> _PROBLEM STATEMENT_: Go line by line through the data and copy those with the word "reflexivity".

> _DATA FOR ANALYSIS_:

(* Let $\nu\ge0$, $\omega_{av}(0)\in\mathbb{R}$, $v_c(0)\in\mathbb{C}$ with $v_c(0)\ne-1$, and $\omega_{-1}(0)\in\mathbb{C}\setminus\{0\}$, and let $(\omega_{-1}(t),v_c(t),\omega_{av}(t))$ solve $$\frac{d\omega_{-1}}{dt}=(\mathrm{i}\omega_{av}-\nu)\omega_{-1}+\frac{2\omega_{-1}^2}{1+v_c},\qquad\frac{dv_c}{dt}=\omega_{-1},\qquad\frac{d\omega_{av}}{dt}=-\nu\omega_{av}$$ on a time interval $I\ni 0$. Then the trajectory $\{v_c(t):t\in I\}$ is contained in a circle or a straight line in $\mathbb{C}$. More precisely, when $\omega_{av}(0)=0$, one has $v_c(t)=\frac{v_c(0)+1}{1-\Omega\theta(t)}-1$ with $\Omega=\frac{\omega_{-1}(0)}{1+v_c(0)}$ and $\theta(t)=\frac{1-e^{-\nu t}}{\nu}$ ($\theta(t)=t$ if $\nu=0$), and the trajectory lies on a circle if $\mathrm{Im}\,\Omega\ne0$ and on a straight line if $\mathrm{Im}\,\Omega=0$.
   Context: These are the pole dynamics equations for the generalized Constantin–Lax–Majda equation with $a=0$, $\sigma=0$ on the circle, for a solution $\tilde\omega=\omega_++\omega_-+\omega_{av}$ with $\omega_-(x,t)=\omega_{-1}(t)\left[\frac{1}{\tan(x/2)-\mathrm{i}v_c(t)}-\frac{1}{-\mathrm{i}-\mathrm{i}v_c(t)}\right]$ and $\omega_+(x,t)=\overline{\omega_-(\bar x,t)}$. *)

From Stdlib Require Import Reals.
From Coquelicot Require Import Coquelicot.
Open Scope R_scope.

Definition theta (nu t : R) : R :=
  if Req_EM_T nu 0 then t else (1 - exp (- nu * t)) / nu.

Definition in_interval (a b : Rbar) (t : R) : Prop :=
  Rbar_lt a t /\ Rbar_lt t b.

Definition on_circle (S : R -> Prop) (f : R -> C) : Prop :=
  exists (c : C) (r : R), 0 < r /\ forall t, S t -> Cmod (f t - c) = r.

Definition on_line (S : R -> Prop) (f : R -> C) : Prop :=
  exists (p d : C), d <> 0%C /\
    forall t, S t -> exists s : R, f t = (p + RtoC s * d)%C.

From Stdlib Require Import Reals Lra FunctionalExtensionality.
From Coquelicot Require Import Coquelicot.
Open Scope R_scope.

(* With zeta := 1/(1 + v_c) and eta := omega_{-1} zeta^2 the system becomes
   linear: zeta' = -eta and eta' = (i omega_av - nu) eta, while
   omega_av = omega_av(0) e^{-nu t}.  If omega_av(0) = 0, then
   eta = eta(0) e^{-nu t}, hence zeta = zeta(0) - eta(0) theta(t) is affine in
   theta and v_c = 1/zeta - 1 is the stated Moebius image of a real parameter.
   Otherwise omega_av never vanishes and rho := eta / omega_av satisfies
   rho' = i eta = i omega_av rho; so zeta - i rho and |rho| are both conserved,
   zeta stays on a circle, and its inverse on a circle or a line. *)

Lemma is_derive_fst (f : R -> C) x l :
  is_derive f x l -> is_derive (fun t => fst (f t)) x (fst l).
Proof. intros H; exact (filterdiff_comp _ _ _ _ H (filterdiff_linear _ is_linear_fst)). Qed.

Lemma is_derive_snd (f : R -> C) x l :
  is_derive f x l -> is_derive (fun t => snd (f t)) x (snd l).
Proof. intros H; exact (filterdiff_comp _ _ _ _ H (filterdiff_linear _ is_linear_snd)). Qed.

Lemma is_derive_pair (f : R -> C) x l :
  is_derive (fun t => fst (f t)) x (fst l) -> is_derive (fun t => snd (f t)) x (snd l) ->
  is_derive f x l.
Proof.
  intros H1 H2. destruct l as [l1 l2]. unfold is_derive in *.
  apply (filterdiff_ext (fun t => (fst (f t), snd (f t)))).
  { intros y; destruct (f y); reflexivity. }
  refine (filterdiff_ext_lin _ _ _ (filterdiff_comp'_2 (fun t => fst (f t)) (fun t => snd (f t))
    (fun a b => (a, b)) x _ _ (fun a b => (a, b)) H1 H2 _) _).
  - apply (filterdiff_ext_lin _ (fun t => t)).
    + apply filterdiff_ext with (fun t => t); [intros [? ?]; reflexivity | apply filterdiff_id].
    + intros [? ?]; reflexivity.
  - intros y; reflexivity.
Qed.

Lemma C_fun_components (f : R -> C) : exists f1 f2 : R -> R, f = (fun t => (f1 t, f2 t)).
Proof.
  exists (fun t => fst (f t)), (fun t => snd (f t)).
  apply functional_extensionality; intros t; destruct (f t); reflexivity.
Qed.

(* Splits every complex-valued function into two real ones, so that [auto_derive]
   can treat them as unknown derivable functions. *)
Ltac derive_components :=
  repeat match goal with
  | f : R -> C |- _ =>
      let f1 := fresh f "1" in let f2 := fresh f "2" in
      destruct (C_fun_components f) as (f1 & f2 & ->)
  end;
  repeat match goal with
  | H : is_derive (fun t => (?f1 t, ?f2 t)) ?x ?l |- _ =>
      pose proof (is_derive_fst _ x l H); pose proof (is_derive_snd _ x l H); clear H
  end;
  apply is_derive_pair; simpl in *; auto_derive;
  repeat match goal with
  | |- _ /\ _ => split
  | |- True => exact I
  | H : is_derive ?f ?x ?l |- ex_derive ?g ?x => exists l; exact H
  end;
  repeat match goal with
  | H : is_derive ?f ?x ?l |- context [Derive ?g ?x] => rewrite (is_derive_unique g x l H)
  end.

Definition Cnorm2 (z : C) : R := fst z ^ 2 + snd z ^ 2.

Lemma Cnorm2_pos (z : C) : z <> RtoC 0 -> 0 < Cnorm2 z.
Proof.
  intros H. destruct z as [z1 z2]. unfold Cnorm2; simpl.
  destruct (Req_dec z1 0) as [-> | H1]; [destruct (Req_dec z2 0) as [-> | H2]|].
  - contradiction H. reflexivity.
  - pose proof (pow2_gt_0 z2 H2). nra.
  - pose proof (pow2_gt_0 z1 H1). nra.
Qed.

Lemma Cnorm2_neq0 (z : C) : z <> RtoC 0 -> Cnorm2 z <> 0.
Proof. intros H. exact (Rgt_not_eq _ _ (Cnorm2_pos z H)). Qed.

Lemma Cnorm2_Ci_mult (z : C) : Cnorm2 (Ci * z) = Cnorm2 z.
Proof. destruct z as [z1 z2]. unfold Cnorm2; simpl. ring. Qed.

Lemma is_derive_val_eq (f : R -> C) x (l l' : C) : is_derive f x l -> l = l' -> is_derive f x l'.
Proof. intros H <-. exact H. Qed.

Lemma is_derive_Cconst (c : C) x : is_derive (fun _ : R => c) x (RtoC 0).
Proof. derive_components; ring. Qed.

Lemma is_derive_RtoC (f : R -> R) x df :
  is_derive f x df -> is_derive (fun t => RtoC (f t)) x (RtoC df).
Proof. intros Hf. derive_components; ring. Qed.

Lemma is_derive_Cplus (f g : R -> C) x df dg :
  is_derive f x df -> is_derive g x dg -> is_derive (fun t => f t + g t)%C x (df + dg)%C.
Proof. intros Hf Hg. derive_components; ring. Qed.

Lemma is_derive_Cminus (f g : R -> C) x df dg :
  is_derive f x df -> is_derive g x dg -> is_derive (fun t => f t - g t)%C x (df - dg)%C.
Proof. intros Hf Hg. derive_components; ring. Qed.

Lemma is_derive_Cmult (f g : R -> C) x df dg :
  is_derive f x df -> is_derive g x dg ->
  is_derive (fun t => f t * g t)%C x (df * g x + f x * dg)%C.
Proof. intros Hf Hg. derive_components; ring. Qed.

Lemma is_derive_Cinv (f : R -> C) x df :
  is_derive f x df -> f x <> RtoC 0 ->
  is_derive (fun t => / f t)%C x (- df / (f x * f x))%C.
Proof.
  intros Hf Hn. pose proof (Cnorm2_neq0 _ Hn) as N. unfold Cnorm2 in N.
  derive_components; try exact N;
    field; repeat split; try exact N; intro E; apply N; nra.
Qed.

Lemma in_interval_between (a b : Rbar) s t x :
  in_interval a b s -> in_interval a b t -> Rmin s t <= x <= Rmax s t -> in_interval a b x.
Proof.
  unfold in_interval, Rmin, Rmax. intros [Has Hsb] [Hat Htb] Hx.
  destruct (Rle_dec s t), a, b; simpl in *; split; lra.
Qed.

Lemma derive_zero_const (a b : Rbar) (F : R -> R) s t :
  (forall x, in_interval a b x -> is_derive F x 0) ->
  in_interval a b s -> in_interval a b t -> F t = F s.
Proof.
  intros HD Hs Ht.
  assert (Hx : forall x, Rmin s t <= x <= Rmax s t -> is_derive F x 0)
    by (intros x Hx; exact (HD x (in_interval_between a b s t x Hs Ht Hx))).
  destruct (MVT_gen F s t (fun _ => 0)) as [c [_ Hc]].
  - intros x Hx'. apply Hx. split; apply Rlt_le; apply Hx'.
  - intros x Hx'. apply continuity_pt_filterlim.
    exact (ex_derive_continuous (K := R_AbsRing) (V := R_NormedModule) F x (ex_intro _ 0 (Hx x Hx'))).
  - lra.
Qed.

Lemma derive_zero_const_C (a b : Rbar) (F : R -> C) s t :
  (forall x, in_interval a b x -> is_derive F x (RtoC 0)) ->
  in_interval a b s -> in_interval a b t -> F t = F s.
Proof.
  intros HD Hs Ht. apply injective_projections.
  - apply (derive_zero_const a b (fun t => fst (F t))); auto.
    intros x Hx. exact (is_derive_fst _ _ _ (HD x Hx)).
  - apply (derive_zero_const a b (fun t => snd (F t))); auto.
    intros x Hx. exact (is_derive_snd _ _ _ (HD x Hx)).
Qed.

Lemma linear_ode_solution (a b : Rbar) (F : R -> R) k t :
  (forall x, in_interval a b x -> is_derive F x (k * F x)) ->
  in_interval a b 0 -> in_interval a b t -> F t = F 0 * exp (k * t).
Proof.
  intros HD H0 Ht.
  assert (E : F t * exp (- k * t) = F 0 * exp (- k * 0)).
  { apply (derive_zero_const a b (fun x => F x * exp (- k * x))); auto.
    intros x Hx. pose proof (HD x Hx). auto_derive.
    - exists (k * F x); assumption.
    - rewrite (is_derive_unique _ _ _ H : Derive (fun y : R => F y) x = _). ring. }
  rewrite Rmult_0_r, exp_0, Rmult_1_r in E. rewrite <- E, Rmult_assoc, <- exp_plus.
  replace (- k * t + k * t) with 0 by ring. rewrite exp_0. ring.
Qed.

Lemma linear_ode_solution_C (a b : Rbar) (F : R -> C) k t :
  (forall x, in_interval a b x -> is_derive F x (RtoC k * F x)%C) ->
  in_interval a b 0 -> in_interval a b t -> F t = (F 0 * RtoC (exp (k * t)))%C.
Proof.
  intros HD H0 Ht. apply injective_projections; simpl.
  - rewrite (linear_ode_solution a b (fun x => fst (F x)) k t); auto; [ring|].
    intros x Hx. pose proof (is_derive_fst _ _ _ (HD x Hx)) as D; simpl in D.
    replace (k * fst (F x) - 0 * snd (F x)) with (k * fst (F x)) in D by ring. exact D.
  - rewrite (linear_ode_solution a b (fun x => snd (F x)) k t); auto; [ring|].
    intros x Hx. pose proof (is_derive_snd _ _ _ (HD x Hx)) as D; simpl in D.
    replace (k * snd (F x) + 0 * fst (F x)) with (k * snd (F x)) in D by ring. exact D.
Qed.

Lemma Cnorm2_const_of_rotation (a b : Rbar) (F : R -> C) (k : R -> R) s t :
  (forall x, in_interval a b x -> is_derive F x (Ci * RtoC (k x) * F x)%C) ->
  in_interval a b s -> in_interval a b t -> Cnorm2 (F t) = Cnorm2 (F s).
Proof.
  intros HD Hs Ht. destruct (C_fun_components F) as (F1 & F2 & ->). unfold Cnorm2; simpl.
  apply (derive_zero_const a b (fun x => F1 x ^ 2 + F2 x ^ 2)); auto.
  intros x Hx. pose proof (is_derive_fst _ _ _ (HD x Hx)) as D1.
  pose proof (is_derive_snd _ _ _ (HD x Hx)) as D2. simpl in D1, D2.
  auto_derive.
  - split; [eexists; exact D1 | split; [eexists; exact D2 | exact I]].
  - rewrite (is_derive_unique _ _ _ D1 : Derive (fun y : R => F1 y) x = _).
    rewrite (is_derive_unique _ _ _ D2 : Derive (fun y : R => F2 y) x = _). ring.
Qed.

Lemma on_circle_of_Cnorm2 (S : R -> Prop) (f : R -> C) c r2 :
  0 < r2 -> (forall t, S t -> Cnorm2 (f t - c) = r2) -> on_circle S f.
Proof.
  intros Hr H. exists c, (sqrt r2). split; [apply sqrt_lt_R0; exact Hr|].
  intros t Ht. unfold Cmod. rewrite <- (H t Ht). reflexivity.
Qed.

Lemma on_circle_ext (S : R -> Prop) (f g : R -> C) :
  (forall t, S t -> f t = g t) -> on_circle S g -> on_circle S f.
Proof.
  intros E [c [r [Hr H]]]. exists c, r. split; [exact Hr|].
  intros t Ht. rewrite E; auto.
Qed.

Lemma on_line_ext (S : R -> Prop) (f g : R -> C) :
  (forall t, S t -> f t = g t) -> on_line S g -> on_line S f.
Proof.
  intros E [p [d [Hd H]]]. exists p, d. split; [exact Hd|].
  intros t Ht. rewrite E; auto.
Qed.

(* The circle [|z - c|^2 = r2] passes through 0 iff [K = 0]; its image under
   [z |-> 1/z] is then the line [2 Re (c w) = 1], otherwise the circle of centre
   [conj c / K] and squared radius [r2 / K^2]. *)
Lemma inversion_on_circle_or_line (S : R -> Prop) (z : R -> C) (c : C) r2 :
  0 < r2 -> (forall t, S t -> z t <> RtoC 0 /\ Cnorm2 (z t - c) = r2) ->
  on_circle S (fun t => / z t - RtoC 1)%C \/ on_line S (fun t => / z t - RtoC 1)%C.
Proof.
  intros Hr H. destruct c as [c1 c2]. set (K := c1 ^ 2 + c2 ^ 2 - r2).
  destruct (Req_dec K 0) as [HK | HK].
  - right. set (C2 := c1 ^ 2 + c2 ^ 2).
    assert (HC : C2 <> 0) by (unfold K, C2 in *; lra).
    exists (c1 / (2 * C2) - 1, - c2 / (2 * C2)), (c2 / C2, c1 / C2). split.
    { intro E. injection E; intros E1 E2. apply HC. unfold C2.
      assert (c1 = 0) by (apply (Rmult_eq_reg_r (/ C2)); [lra | apply Rinv_neq_0_compat; auto]).
      assert (c2 = 0) by (apply (Rmult_eq_reg_r (/ C2)); [lra | apply Rinv_neq_0_compat; auto]).
      subst; ring. }
    intros t Ht. destruct (H t Ht) as [Hz Hc].
    pose proof (Cnorm2_neq0 _ Hz) as Nz. destruct (z t) as [z1 z2].
    unfold Cnorm2 in Hc, Nz. simpl in Hc, Nz.
    assert (HL : z1 * (z1 * 1) + z2 * (z2 * 1) = 2 * (c1 * z1 + c2 * z2)) by (unfold K in *; nra).
    rewrite HL in Nz. exists ((c2 * z1 - c1 * z2) / (2 * (c1 * z1 + c2 * z2))).
    unfold C2 in *. apply injective_projections; simpl; rewrite HL;
      field; (split; [intro E; apply HC; nra | lra]).
  - left. apply (on_circle_of_Cnorm2 S _ (c1 / K - 1, - c2 / K) (r2 / K ^ 2)).
    { apply Rdiv_lt_0_compat; [exact Hr | apply pow2_gt_0; exact HK]. }
    intros t Ht. destruct (H t Ht) as [Hz Hc].
    pose proof (Cnorm2_neq0 _ Hz) as Nz. destruct (z t) as [z1 z2].
    unfold Cnorm2 in *. simpl in *. unfold K in *. rewrite <- Hc in *.
    field; repeat split; try assumption; intro E; apply HK; lra.
Qed.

> _YOUR RESPONSE_:
  { intros y; destruct (f y); reflexivity. }
    + apply filterdiff_ext with (fun t => t); [intros [? ?]; reflexivity | apply filterdiff_id].
    + intros [? ?]; reflexivity.
  - intros y; reflexivity.
  apply functional_extensionality; intros t; destruct (f t); reflexivity.
  - contradiction H. reflexivity.
  intros t Ht. unfold Cmod. rewrite <- (H t Ht). reflexivity.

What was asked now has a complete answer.